How the read-heal-write cycle keeps the board consistent
The board’s lane order is stored separately, but every time it’s read, it checks against the actual items. Missing or orphaned cards are automatically cleaned up. This self-healing keeps your workflow accurate without manual cleanup.
Think of it like a to-do list that automatically ignores completed tasks or stray notes, always staying aligned with the actual items stored on disk.
Syncing: how changes flow smoothly across devices and tools
Threlmark’s architecture makes syncing straightforward. Since all data lives in files, syncing is just copying files between devices. When you connect your laptop and tablet, they share the `items/` folder, and updates merge naturally—no special sync engine needed.
For example, editing a task on your phone updates its JSON file, which then syncs to your desktop when connected, keeping everything fresh and consistent.

Handling conflicts and updates: merging changes without chaos
What happens if two devices change the same file? Threlmark uses a simple but effective approach: it preserves unknown fields, so older tools don’t break, and last-write-wins or timestamps help decide what stays. Conflicts are rare because each update is atomic.
In practice, if you change a task on your laptop and on your phone simultaneously, the system will keep the latest change, or you can set rules for conflict resolution—just like merging Git commits.
When local-first isn’t the best choice
While local-first is powerful, it’s not suited for every app. Highly real-time multiplayer games or financial trading platforms might need more immediate server validation. For most productivity and collaboration tools, though, it offers a clean, resilient model.
Think of it like choosing a car over a bike—great for most trips, but not for racing or mountain climbing.

Common misconceptions: it’s not just caching or offline mode
Many think local-first means simply caching data or making apps work offline. That’s only part of the story. Local-first apps treat local storage as the definitive source, enabling true resilience, portability, and collaboration—beyond just working offline.
It’s a paradigm shift, not just a feature.
Why this approach shifts trust from servers to local storage
Instead of relying on a server to always answer or validate, local-first makes your device the authority. The server becomes a sync partner, not the gatekeeper. This shifts trust to durable local files, which are always available, even in outages.
It’s like trusting your notebook more than the cloud—your work is safe, accessible, and under your control.
Frequently Asked Questions
What does ‘disk is the contract’ mean in practical terms?
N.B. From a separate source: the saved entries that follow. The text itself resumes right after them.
(* Shifting [r1] by [r2 u] and [r2] by [r1 u] makes the two ranks agree at [u]. *)
Lemma realization_relU F G A B r1 r2 u :
  realization F A r1 -> realization G B r2 -> simple_loopless (F :|: G) ->
  (forall v, v \in cover F -> v \in cover G -> v = u) ->
  (u \in cover F -> u \in cover G -> (source A u && sink B u) || (sink A u && source B u)) ->
  exists r, realization (F :|: G) (relU A B) r.
Proof.
case=> hA hr1 hadmA hrealA; case=> hB hr2 hadmB hrealB hFG hcap hu.
have hn : nested A B.
  move=> v; have [hvG | hvG] := boolP (v \in cover G); last first.
    by have [hi ho] := arcs_within_nbhd0 hB hvG; apply: nested_at_set0; right.
  have [hvF | hvF] := boolP (v \in cover F); last first.
    by have [hi ho] := arcs_within_nbhd0 hA hvF; apply: nested_at_set0; left.
  have ev := hcap v hvF hvG; subst v.
  by case/orP: (hu hvF hvG) => /andP[/eqP hi /eqP ho]; apply: nested_at_set0; auto.
pose r x := if x \in cover F then r1 x + r2 u else r2 x + r1 u.
have rG x : x \in cover G -> r x = r2 x + r1 u.
  by rewrite /r => hxG; case: ifP => // hxF; rewrite (hcap x hxF hxG) addnC.
exists r; split.
- move=> x y; rewrite cover_setU !inE => /orP[/hA | /hB] /andP[-> ->]; by rewrite ?orbT.
- move=> x y /orP[hxy | hxy].
    by have /andP[hx hy] := hA _ _ hxy; rewrite /r hx hy ltn_add2r hr1.
  by have /andP[hx hy] := hB _ _ hxy; rewrite !rG // ltn_add2r hr2.
- exact: nbhds_admissible_relU.
- exact: edges_realized_relU.
Qed.

Definition in_star L c : rel T := fun a b => (a \in L) && (b == c).
Definition out_star c L : rel T := fun a b => (a == c) && (b \in L).

Lemma in_nbhd_in_star L c v : in_nbhd (in_star L c) v = if v == c then L else set0.
Proof. by apply/setP=> u; rewrite !inE /in_star; case: (v == c); rewrite ?andbT ?andbF ?inE. Qed.

Lemma out_nbhd_in_star L c v : out_nbhd (in_star L c) v = if v \in L then [set c] else set0.
Proof. by apply/setP=> u; rewrite !inE /in_star; case: (v \in L); rewrite ?inE. Qed.

Lemma in_nbhd_out_star L c v : in_nbhd (out_star c L) v = if v \in L then [set c] else set0.
Proof. by apply/setP=> u; rewrite !inE /out_star; case: (v \in L); rewrite ?andbT ?andbF ?inE. Qed.

Lemma out_nbhd_out_star L c v : out_nbhd (out_star c L) v = if v == c then L else set0.
Proof. by apply/setP=> u; rewrite !inE /out_star; case: (v == c); rewrite ?inE. Qed.

Lemma in_star_admissible L c : nbhds_admissible (in_star L c) [set L].
Proof.
move=> v; rewrite in_nbhd_in_star out_nbhd_in_star.
by case: (v == c); case: (v \in L); rewrite ?admissible0 ?admissible1 ?admissible_edge ?set11.
Qed.

Lemma in_star_realized L c : edges_realized (in_star L c) [set L].
Proof. by move=> e /set1P ->; exists c; rewrite in_nbhd_in_star !eqxx. Qed.

Lemma out_star_admissible L c : nbhds_admissible (out_star c L) [set L].
Proof.
move=> v; rewrite in_nbhd_out_star out_nbhd_out_star.
by case: (v == c); case: (v \in L); rewrite ?admissible0 ?admissible1 ?admissible_edge ?set11.
Qed.

Lemma out_star_realized L c : edges_realized (out_star c L) [set L].
Proof. by move=> e /set1P ->; exists c; rewrite out_nbhd_out_star !eqxx orbT. Qed.

(* Doubling the old ranks leaves room for the new vertices of [L] just below [c]. *)
Lemma realization_add_in_star F A r L c :
  realization F A r -> simple_loopless (F :|: [set L]) ->
  c \in cover F -> source A c -> c \notin L ->
  (forall x, x \in L -> x \in cover F -> sink A x && (r x < r c)) ->
  realization (F :|: [set L]) (relU A (in_star L c))
    (fun x => if x \in cover F then (r x).*2.+1 else (r c).*2).
Proof.
case=> hA hr hadm hreal hFL hcF /eqP hc hcL hL.
have hn : nested A (in_star L c).
  move=> v; apply: nested_at_set0; rewrite ?in_nbhd_in_star ?out_nbhd_in_star.
    by have [-> | _] := eqVneq v c; [left | right].
  have [hvL | _] := boolP (v \in L); [left | by right].
  have [hvF | hvF] := boolP (v \in cover F); last exact: (arcs_within_nbhd0 hA hvF).2.
  by have /andP[/eqP -> _] := hL v hvL hvF.
split.
- move=> x y /orP[/hA/andP[hx hy] | /andP[hx /eqP ->]];
    by rewrite cover_setU cover1 !inE ?hx ?hy ?hcF ?orbT.
- move=> x y /orP[hxy | /andP[hx /eqP ->]].
    by have /andP[-> ->] := hA _ _ hxy; have := hr _ _ hxy; lia.
  rewrite hcF; case: ifP => hxF; last lia.
  by have /andP[_] := hL x hx hxF; lia.
- exact: nbhds_admissible_relU hn hadm (in_star_admissible L c).
- exact: edges_realized_relU hn hFL hadm (in_star_admissible L c) hreal (in_star_realized c).
Qed.

Lemma nbhd_add_in_star_other A L c x : x \notin L -> x != c ->
  in_nbhd (relU A (in_star L c)) x = in_nbhd A x /\
  out_nbhd (relU A (in_star L c)) x = out_nbhd A x.
Proof.
move=> hxL hxc; rewrite in_nbhd_relU out_nbhd_relU in_nbhd_in_star out_nbhd_in_star.
by rewrite (negbTE hxL) (negbTE hxc) !setU0.
Qed.

Lemma add_in_star_keeps A F L k c x : L \in F -> k \in F :\ L -> x \in k ->
  degree F x = 1 -> c \notin k ->
  [/\ degree (F :\ L) x = 1, x \in cover (F :\ L),
      in_nbhd (relU A (in_star L c)) x = in_nbhd A x &
      out_nbhd (relU A (in_star L c)) x = out_nbhd A x].
Proof.
move=> hLF kF' xk x1 ck; have [xL x1'] := degree1_setD1 hLF kF' xk x1.
have xc : x != c by apply: contraNneq ck => <-.
by have [-> ->] := nbhd_add_in_star_other A xL xc; split => //; exact: mem_cover kF' xk.
Qed.

Lemma nested_out_in_star a q h d : a \in d -> q \in h -> nested (out_star a h) (in_star d q).
Proof.
move=> ad qh v; rewrite /nested_at in_nbhd_out_star in_nbhd_in_star.
rewrite out_nbhd_out_star out_nbhd_in_star; apply/andP; split.
  by have [-> | _] := eqVneq v q; rewrite ?qh ?sub1set ?ad // sub0set orbT.
by have [-> | _] := eqVneq v a; rewrite ?ad ?sub1set ?qh ?orbT // sub0set.
Qed.

Lemma out_in_star_realizes a q h d : a \in d -> q \in h -> simple_loopless [set h; d] ->
  nbhds_admissible (relU (out_star a h) (in_star d q)) [set h; d] /\
  edges_realized (relU (out_star a h) (in_star d q)) [set h; d].
Proof.
move=> ad qh hhd; have hn := nested_out_in_star ad qh.
have hA : nbhds_admissible (out_star a h) [set h] by exact: out_star_admissible.
have hB : nbhds_admissible (in_star d q) [set d] by exact: in_star_admissible.
split; first exact: nbhds_admissible_relU hn hA hB.
exact: edges_realized_relU hn hhd hA hB (out_star_realized a) (in_star_realized q).
Qed.

(* Two edges [h] and [d] are realized as the out-neighbourhood of [a \in d] and the
   in-neighbourhood of [q \in h]; the arc [a -> q] lies in both, which keeps the
   neighbourhoods of [a] and [q] equal to [h] and [d]. *)
Lemma realization_pair h d a q : simple_loopless [set h; d] ->
  a \in d -> a \notin h -> q \in h -> q \notin d ->
  exists A r, realization [set h; d] A r /\
    forall x, x \in h :|: d -> x \notin h :&: d -> terminal A x.
Proof.
move=> hhd had hah hqh hqd; have [hadm hreal] := out_in_star_realizes had hqh hhd.
exists (relU (out_star a h) (in_star d q)),
  (fun x => if x == a then 0 else if x == q then 2 else 1).
split; first split.
- move=> x y /orP[/andP[/eqP-> hy] | /andP[hx /eqP->]];
    by rewrite cover_setU !cover1 !inE ?had ?hy ?hx ?hqh ?orbT.
- move=> x y /orP[/andP[/eqP-> hy] | /andP[hx /eqP->]].
    by rewrite eqxx (eq_mem_notinF hy hah); case: (y == q).
  by rewrite (eq_mem_notinF hqh hah) eqxx (eq_mem_notinF hx hqd); case: (x == a).
- exact: hadm.
- exact: hreal.
- move=> x /setUP[] hx; rewrite in_setI hx ?andbT /= => hxn; rewrite /terminal /source /sink.
    rewrite out_nbhd_relU out_nbhd_out_star out_nbhd_in_star (eq_mem_notinF hx hah).
    by rewrite (negbTE hxn) setU0 eqxx orbT.
  rewrite in_nbhd_relU in_nbhd_out_star in_nbhd_in_star (negbTE hxn).
  by rewrite (eq_mem_notinF hx hqd) setU0 eqxx.
Qed.

Lemma nested_triple a h l d w1 w2 : a \notin h -> h :&: l = [set w1] -> h :&: d = [set w2] ->
  nested (relU (out_star a h) (in_star l w2)) (out_star w1 d).
Proof.
move=> hah hl hd v; have /andP[w1h w1l] := setI1_mem hl; have /andP[w2h w2d] := setI1_mem hd.
rewrite /nested_at in_nbhd_relU out_nbhd_relU in_nbhd_out_star in_nbhd_in_star.
rewrite out_nbhd_out_star out_nbhd_in_star in_nbhd_out_star out_nbhd_out_star.
apply/andP; split.
  have [vd | _] := boolP (v \in d); last by rewrite sub0set orbT.
  have [-> | vw2] := eqVneq v w2; first by apply/orP; right; rewrite sub1set in_setU w1l orbT.
  by rewrite ifN ?set0U ?sub0set //; apply: contra vw2 => vh; rewrite (setI1_eq hd vh vd).
have [-> | _] := eqVneq v w1; last by rewrite sub0set orbT.
by rewrite (eq_mem_notinF w1h hah) w1l set0U sub1set w2d.
Qed.

(* Three edges: [h] is the out-neighbourhood of [a \in l], [l] the in-neighbourhood of
   [w2 \in h :&: d] and [d] the out-neighbourhood of [w1 \in h :&: l]; the extra vertex
   [b \in l] stays a source of rank above the free vertices of [h]. *)
Lemma realization_triple h l d a b w1 w2 : simple_loopless [set h; l; d] ->
  h :&: l = [set w1] -> h :&: d = [set w2] -> [disjoint l & d] ->
  a \in l -> a \notin h -> b \in l -> b \notin h -> b != a ->
  exists A r, [/\ realization [set h; l; d] A r, source A b,
    forall x, x \in h -> x \notin l -> x \notin d -> sink A x && (r x < r b) &
    forall x, x \in d -> x \notin h -> sink A x].
Proof.
move=> hF hl hd dld hal hah hbl hbh hba.
have /andP[w1h w1l] := setI1_mem hl; have /andP[w2h w2d] := setI1_mem hd.
have notd x : x \in l -> x \notin d by move=> hx; rewrite (disjointFr dld hx).
have w2l : w2 \notin l by apply: contraL w2d => /notd.
have [admU realU] :=
  out_in_star_realizes hal w2h (simple_loopless_subset (subsetUl _ [set d]) hF).
pose U := relU (out_star a h) (in_star l w2).
have hn2 : nested U (out_star w1 d) := nested_triple hah hl hd.
exists (relU U (out_star w1 d)),
  (fun x => if x == a then 0 else if x == w2 then 3 else if x \in h then 1 else 2).
split; first split.
- move=> x y; rewrite /U !cover_setU !cover1 !inE.
  by move=> /orP[/orP[/andP[/eqP-> ->] | /andP[-> /eqP->]] | /andP[/eqP-> ->]];
    rewrite ?hal ?w2h ?w1h ?orbT.
- move=> x y; rewrite /U /relU /out_star /in_star /=.
  move=> /orP[/orP[/andP[/eqP-> hy] | /andP[hx /eqP->]] | /andP[/eqP-> hy]].
  + by rewrite eqxx (eq_mem_notinF hy hah); case: (y == w2); rewrite ?hy.
  + rewrite (eq_mem_notinF w2h hah) eqxx (eq_mem_notinF hx w2l).
    by case: (x == a) => //; case: (x \in h).
  + rewrite (eq_mem_notinF w1h hah) (eq_mem_notinF w1l w2l) w1h (eq_mem_notinF hy (notd _ hal)).
    have [// | yw2] := eqVneq y w2.
    by rewrite ifN //; apply: contra yw2 => yh; rewrite (setI1_eq hd yh hy).
- exact: nbhds_admissible_relU hn2 admU (out_star_admissible d w1).
- exact: edges_realized_relU hn2 hF admU (out_star_admissible d w1) realU (out_star_realized w1).
- rewrite /source /U !in_nbhd_relU in_nbhd_out_star in_nbhd_in_star in_nbhd_out_star.
  by rewrite (negbTE hbh) (negbTE (notd _ hbl)) (eq_mem_notinF hbl w2l) !setU0.
- move=> x xh xl xd; rewrite /sink /U !out_nbhd_relU out_nbhd_out_star out_nbhd_in_star.
  rewrite out_nbhd_out_star (eq_mem_notinF xh hah) (negbTE xl) (eq_notin_memF w1l xl) !setU0 eqxx.
  by rewrite (eq_notin_memF w2d xd) xh (negbTE hba) (eq_mem_notinF hbl w2l) (negbTE hbh).
- move=> x xd xh; rewrite /sink /U !out_nbhd_relU out_nbhd_out_star out_nbhd_in_star.
  rewrite out_nbhd_out_star (eq_mem_notinF xd (notd _ hal)) (disjointFl dld xd).
  by rewrite (eq_notin_memF w1h xh) !setU0.
Qed.

End Realization.

Section LinearHypertree.
Variable T : finType.
Variable E : {set {set T}}.
Hypothesis E_simple : simple_loopless E.
Hypothesis E_ge3 : forall e, e \in E -> 3 <= #|e|.
Hypothesis E_deg2 : forall v, degree E v <= 2.
Implicit Types (A : rel T) (F G : {set {set T}}) (X Y L e f h d : {set T}) (r : T -> nat).

Lemma degree_le2 F x : F \subset E -> degree F x <= 2.
Proof. by move=> hF; apply: leq_trans (degree_subset x hF) (E_deg2 x). Qed.

Lemma edge_through_deg2 F e f k x : F \subset E -> e \in F -> f \in F -> k \in F -> e != f ->
  x \in e -> x \in f -> x \in k -> k = e \/ k = f.
Proof.
move=> hF he hf hk hef hxe hxf hxk.
have [-> | hke] := eqVneq k e; first by left.
have [-> | hkf] := eqVneq k f; first by right.
have : #|k |: [set e; f]| <= degree F x.
  apply: subset_leq_card; apply/subsetP => Y.
  by rewrite !inE => /or3P[]/eqP->; rewrite ?he ?hf ?hk ?hxe ?hxf ?hxk.
by rewrite cardsU1 cards2 hef !inE negb_or hke hkf; have := degree_le2 x hF; lia.
Qed.

Lemma other_vertex X w : X \in E -> exists2 a, a \in X & a != w.
Proof.
move=> /E_ge3 /(card_setD1_gt1 w) /ltnW /card_gt0P[a].
by rewrite in_setD1 => /andP[aw aX]; exists a.
Qed.

Definition pendant F h f := [/\ f \in F, f != h, exists w, f :&: h = [set w] &
  forall x, x \in f -> x \notin h -> degree F x = 1].

Definition star F h := h \in F /\ forall f, f \in F -> f != h -> pendant F h f.

Definition terminal_on F A X := forall x, x \in X -> degree F x = 1 -> terminal A x.

Lemma terminal_on_subset F A X Y : X \subset Y -> terminal_on F A Y -> terminal_on F A X.
Proof. by move=> /subsetP hXY hY x /hXY; apply: hY. Qed.

Lemma terminal_on_setU F A X Y :
  terminal_on F A X -> terminal_on F A Y -> terminal_on F A (X :|: Y).
Proof. by move=> hX hY x /setUP[]; [apply: hX | apply: hY]. Qed.

Lemma star_pair F h d : F \subset E -> F = [set h; d] -> h != d -> pendant F h d ->
  exists A r, realization F A r /\ terminal_on F A (h :|: d).
Proof.
move=> hF eF hhd [hdF _ [w hw] _].
have hhF : h \in F by rewrite eF !inE eqxx.
have /andP[wd wh] := setI1_mem hw.
have [a ad aw] := other_vertex w (subsetP hF _ hdF).
have [q qh qw] := other_vertex w (subsetP hF _ hhF).
have ah : a \notin h by apply: contra aw => ah; rewrite (setI1_eq hw ad ah).
have qd : q \notin d by apply: contra qw => qd; rewrite (setI1_eq hw qd qh).
have hsimple : simple_loopless [set h; d].
  by rewrite -eF; exact: simple_loopless_subset hF E_simple.
have [A [r [hA hterm]]] := realization_pair hsimple ad ah qh qd.
exists A, r; split; first by rewrite eF.
move=> x hx hx1; apply: hterm => //.
by apply/setIP => -[xh xd]; have := degree_ge2 hhF hdF hhd xh xd; rewrite hx1.
Qed.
It means your app’s core data is stored directly on your device’s disk in a predictable, structured way. The files serve as the single source of truth, making the app faster, more resilient, and portable without relying on a remote database.
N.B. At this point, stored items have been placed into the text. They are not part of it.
(* Let $G$ be a group and $A$ an additive abelian group with a right $G$-action by group automorphisms. For every $n\in\mathbb Z_+$, $a\in A$ and $g_1,\dots,g_{n+1}\in G$, $$[D^{n+1}a](g_1,g_2,\dots,g_{n+1})=[D^n(a^{g_1})](g_2,\dots,g_{n+1})-[D^na](g_2,\dots,g_{n+1}).$$
   Context: Right action: $a\mapsto a^g$, $a^{\mathbf e}=a$, $(a^g)^h=a^{gh}$, additive in $a$; $\mathbf e$ is the identity of $G$. $\mathcal C^0(G,A)=A$; for $n\ge1$, $\mathcal C^n(G,A)$ consists of functions $G^n\to A$ vanishing whenever some argument is $\mathbf e$. For $n\ge1$, $(d_nc)(g_1,\dots,g_n)=[c(g_1,\dots,g_{n-1})]^{g_n}-c(g_1,\dots,g_{n-1})$; $D^0=\mathrm{id}_A$, $D^n=d_nD^{n-1}$ (so for $n=0$ the formula reads $[D^1a](g_1)=a^{g_1}-a$). *)

From HB Require Import structures.
From mathcomp Require Import all_boot all_order all_algebra.
Set Implicit Arguments. Unset Strict Implicit. Unset Printing Implicit Defensive.
Import GRing.Theory.
Local Open Scope ring_scope.

(* An element of G^n is a function 'I_n -> G, the i-th
   argument g_{i+1} being g i. *)

Definition dcob (G : Type) (A : zmodType) (act : A -> G -> A) (n : nat)
  (c : ('I_n -> G) -> A) : ('I_n.+1 -> G) -> A :=
  fun g => let c0 := c (fun i => g (widen_ord (leqnSn n) i)) in
           act c0 (g ord_max) - c0.

Fixpoint Dcob (G : Type) (A : zmodType) (act : A -> G -> A) (n : nat)
  : A -> ('I_n -> G) -> A :=
  match n with
  | 0 => fun a _ => a
  | m.+1 => fun a => @dcob G A act m (@Dcob G A act m a)
  end.

Definition is_group (G : Type) (mul : G -> G -> G) (e : G) (inv : G -> G) :=
  [/\ forall x y z, mul x (mul y z) = mul (mul x y) z,
      forall x, mul e x = x, forall x, mul x e = x,
      forall x, mul (inv x) x = e & forall x, mul x (inv x) = e].

Definition is_right_action (G : Type) (mul : G -> G -> G) (e : G)
  (A : zmodType) (act : A -> G -> A) :=
  [/\ forall a, act a e = a,
      forall a g h, act (act a g) h = act a (mul g h) &
      forall g a b, act (a + b) g = act a g + act b g].

From mathcomp Require Import all_boot all_order all_algebra.
Set Implicit Arguments.
Unset Strict Implicit.
Unset Printing Implicit Defensive.
Import GRing.Theory.
Local Open Scope ring_scope.

(* Induction on n using D^(n+1) = d_(n+1) D^n, which acts on the last
   argument: that argument is the same for g and for g o lift ord0, and d_(n+1)
   is additive in the cochain because each a |-> a^h is. *)

Section Coboundary.

Variables (G : Type) (A : zmodType) (act : A -> G -> A).
Hypothesis act_add : forall g a b, act (a + b) g = act a g + act b g.

Lemma actB g a b : act (a - b) g = act a g - act b g.
Proof. by apply: (addIr (act b g)); rewrite -act_add !subrK. Qed.

Lemma eq_Dcob n (f h : 'I_n -> G) a : f =1 h -> Dcob act a f = Dcob act a h.
Proof.
elim: n f h a => [|n IH] f h a eq_fh //=.
by rewrite /dcob eq_fh (IH _ (fun i => h (widen_ord (leqnSn n) i))).
Qed.

Lemma DcobS n a (g : 'I_n.+1 -> G) :
  Dcob act a g =
    act (Dcob act a (g \o widen_ord (leqnSn n))) (g ord_max)
    - Dcob act a (g \o widen_ord (leqnSn n)).
Proof. by []. Qed.

Lemma Dcob_recl n a (g : 'I_n.+1 -> G) :
  Dcob act a g =
    Dcob act (act a (g ord0)) (fun i => g (lift ord0 i))
    - Dcob act a (fun i => g (lift ord0 i)).
Proof.
elim: n a g => [|n IH] a g.
  by rewrite /= /dcob (_ : ord_max = ord0) //; apply: val_inj.
have widen_lift : g \o widen_ord (leqnSn n.+1) \o lift ord0
    =1 g \o lift ord0 \o widen_ord (leqnSn n).
  by move=> i; congr g; apply: val_inj.
rewrite [LHS]DcobS IH actB !DcobS !(eq_Dcob _ widen_lift) /=.
rewrite (_ : widen_ord _ ord0 = ord0); last exact: val_inj.
rewrite (_ : lift ord0 ord_max = ord_max); last exact: val_inj.
by rewrite opprD addrACA -opprD.
Qed.

End Coboundary.

Theorem lemma1p6 (G : Type) (mul : G -> G -> G) (e : G) (inv : G -> G)
  (A : zmodType) (act : A -> G -> A)
  (HG : is_group mul e inv) (Hact : is_right_action mul e act)
  (n : nat) (a : A) (g : 'I_n.+1 -> G) :
  @Dcob G A act n.+1 a g =
    @Dcob G A act n (act a (g ord0)) (fun i => g (lift ord0 i))
    - @Dcob G A act n a (fun i => g (lift ord0 i)).
Proof. by case: Hact => _ _ act_add; apply: Dcob_recl. Qed.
Is local-first the same as offline-first?
Not exactly. Offline-first focuses on making apps usable without internet. Local-first goes further—making local storage the primary, authoritative data source, then syncing with other devices or servers as needed.
How do apps stay consistent across multiple devices?
Since all data lives in files, syncing is just copying those files between devices. When updates happen, they merge naturally, and conflict resolution ensures everyone stays in sync without chaos.
What happens when two devices edit the same data?
Threlmark handles this through last-write-wins or timestamp rules, preserving unknown fields to keep data safe. Conflicts are rare, but the system is designed to merge changes smoothly.
How does syncing work after reconnecting?
Syncing is just sharing files between devices. When a device reconnects, it pulls updates from others, and the system automatically reconciles differences, keeping everything consistent and up-to-date.
Conclusion
Threlmark’s local-first architecture proves that the disk can be the ultimate contract for your data. It’s a design that’s simple, resilient, and ready for the future of offline and collaborative apps.
Imagine a world where your data is always within arm’s reach, safe and portable—because the app’s core lives on your device, not in the cloud. That’s the power of making disk the contract.